In the next section, we run three analyses of complexity of the texts: the SMOG test, the Flesch Reading Ease test, and a "combined" test that looks at all of the complexity tests available in textstat. 
These use the same publist_cleaned loop from the previous section, and the new complexity counts are added to the word and sentence counts from the previous section for easy CSV creation. 

In [68]:
for (pubname, pub) in publist_cleaned:
    print(pubname+",", textstat.lexicon_count(pub, removepunct=True),",", textstat.sentence_count(pub), ",", textstat.smog_index(pub), ",", textstat.flesch_reading_ease(pub), ",", textstat.text_standard(pub, float_output=True))

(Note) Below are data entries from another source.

(* Assume $C_L<C_R$ and consider a wave sequence $U_L\xrightarrow{S_1}U_1\xrightarrow{C}U_2\xrightarrow{S_2}U_R$ with $U_L\ne U_R$, consisting of an admissible $S$-wave, an admissible $C$-wave and an admissible $S$-wave. This sequence is compatible if and only if $U_L\in\mathcal{R}$, $U_1\in\mathcal{T}$, $U_2\in\mathcal{L}$ and $0\le S_R\le S^k(U_2)$.
   Context: System: $\partial_t S+\partial_x f(S,C)=0$, $\partial_t[(S+\mathcal{A})C]+\partial_x[f(S,C)C]=0$, with $\mathcal{A}>0$ constant and states $U=(S,C)\in[0,1]^2$. The flux $f$ satisfies: (a) $f\in\mathscr{C}^2$, $f(0,C)=0$, $f(1,C)=1$, $\partial_Sf(0,C)=\partial_Sf(1,C)=0$; (b) for each $C$, $f(\cdot,C)$ is strictly increasing and S-shaped with a single inflection point (convex then concave); (c) $\partial_Cf>0$ for $0<S<1$. Eigenvalues: $\lambda_C(S,C)=f(S,C)/(S+\mathcal{A})$, $\lambda_S(S,C)=\partial_Sf(S,C)$. Transition curve $\mathcal{T}=\{\lambda_S=\lambda_C\}$, $\mathcal{L}=\{\lambda_S>\lambda_C\}$, $\mathcal{R}=\{\lambda_S<\lambda_C\}$; for each $C$, $\mathcal{T}$ contains exactly one point $(S^*(C),C)$ with $S^*(C)\in(0,1)$. For a state $U=(S,C)$, $S^k(U)$ denotes the value $S'\in[0,1]$, $S'\ne S$, with $\lambda_C(S',C)=\lambda_C(U)$; $S^k(U)=+\infty$ if no such $S'$ exists, and $S^k(U)=S^*(C)$ if $S=S^*(C)$. An $S$-wave from $U_a$ to $U_b$ requires $C_a=C_b=C$ and is the solution of the scalar Riemann problem $\partial_tS+\partial_xf(S,C)=0$ with left state $S_a$, right state $S_b$, built from shocks satisfying Oleinik's entropy condition and rarefactions; its initial velocity $v_i$ and final velocity $v_f$ are the smallest and largest propagation speeds in that fan. A $C$-wave from $U_a$ to $U_b$ is a contact discontinuity with $\lambda_C(U_a)=\lambda_C(U_b)$, speed $v_i=v_f=\lambda_C(U_a)$; it is admissible iff $U_a,U_b$ both lie in $\mathcal{L}\cup\mathcal{T}$ or both in $\mathcal{R}\cup\mathcal{T}$. A wave sequence is compatible iff for each pair of consecutive waves $a$ then $b$, $v_f^a\le v_i^b$. *)

From Stdlib Require Import Reals Classical ClassicalEpsilon List.
From Coquelicot Require Import Coquelicot.
Open Scope R_scope.
(* Let $A=(A,d,\Delta)$ be a mixed complex. There is an inclusion $\mathsf{CC}^-(\mathrm{End}_A)\hookrightarrow\mathrm{End}_{\mathsf{CC}^-(A)}$ in $\mathcal Ops^{\mathsf{MxCpx}}$, given in arity $n$ by sending $f\otimes u^r$ to the $k[u]$-multilinear map $a_1u^{i_1}\otimes\cdots\otimes a_nu^{i_n}\mapsto f(a_1,\dots,a_n)u^{r+\sum_j i_j}$.
   Context: Cohomological grading, $|u|=2$. A mixed complex is $(V,d,\Delta)$ with $(V,d)$ a cochain complex and $\Delta$ of degree $-1$, $\Delta^2=0$, $d\Delta+\Delta d=0$. $\mathcal Ops^{\mathsf{MxCpx}}$ denotes operads in mixed complexes. For a mixed complex $A$, $\mathrm{End}_A$ denotes the endomorphism operad of $(A,d)$ regarded as an operad in mixed complexes with operator $\{\Delta,f\}=\Delta\circ_1f-(-1)^{|f|}\sum_i f\circ_i\Delta$. $\mathsf{CC}^-(A):=(A\otimes k[u],d+u\Delta)$, regarded as a mixed complex with the $u$-linear extension of $\Delta$, and $\mathrm{End}_{\mathsf{CC}^-(A)}$ is its endomorphism operad as an operad in mixed complexes in the same way. For an operad in mixed complexes $(\mathcal O,\partial,\Delta)$, $\mathsf{CC}^-(\mathcal O)(n)=(\mathcal O(n)\otimes k[u],\partial+\Delta u,\Delta)$ with compositions $(a u^r)\circ_i(bu^s)=(a\circ_ib)u^{r+s}$. *)

From HB Require Import structures.
From mathcomp Require Import all_boot all_order all_fingroup all_algebra.
From mathcomp Require Import functions.
Set Implicit Arguments. Unset Strict Implicit. Unset Printing Implicit Defensive.
Import Order.TTheory GRing.Theory Num.Theory.
Local Open Scope ring_scope.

ACRL, 3085 , 52 , 24.6 , -115.62 , 25.0
BOAI, 8889 , 255 , 17.1 , 36.05 , 17.0
BRILL, 2219 , 94 , 14.1 , 22.14 , 16.0
ELSEVIER, 6547 , 111 , 20.7 , -5.34 , 13.0
SPRINGER, 4147 , 86 , 20.1 , 14.09 , 23.0
SAGE, 2921 , 122 , 14.2 , 47.22 , 13.0
IOP, 2228 , 49 , 18.6 , 25.29 , 21.0
CAMBRIDGE, 1586 , 59 , 14.2 , 44.17 , 14.0
PROQUEST, 631 , 15 , 20.2 , 3.36 , 20.0
TF, 9641 , 375 , 14.4 , 45.39 , 14.0
OXFORD, 2872 , 81 , 17.1 , 10.06 , 18.0
OASIS, 2690 , 63 , 19.5 , -14.18 , 20.0
NATURE, 2229 , 56 , 18.2 , 22.62 , 18.0
WILEY, 1031 , 20 , 19.9 , -14.75 , 20.0
DEGRUYTER, 734 , 16 , 22.0 , -212.0 , 22.0
BMJ, 1794 , 44 , 18.2 , 21.6 , 13.0
HINDAWI, 818 , 28 , 17.8 , 24.92 , 17.0
SPARC, 1945 , 61 , 16.0 , -3.21 , 16.0
HARVARD, 8202 , 311 , 14.8 , 44.68 , 14.0
RTRC, 7110 , 94 , 25.4 , -22.19 , 17.0
SUBER, 6029 , 194 , 16.2 , 39.91 , 16.0
CORNELL, 2216 , 39 , 24.0 , -11.57 , 24.0
KU, 1828 , 50 , 16.4 , 17.41 , 14.0
WIKIPEDIA, 5205 , 101 , 21.9 , 2.28 , 24.0
CREATIVECOMMONS, 544 , 18 , 17.3 , 23.9 ,

# The End 

This is the end of the Jupyter notebook illustration of our code. All results that you see here appear in the analysis_numbers.csv file in our GitHub repository.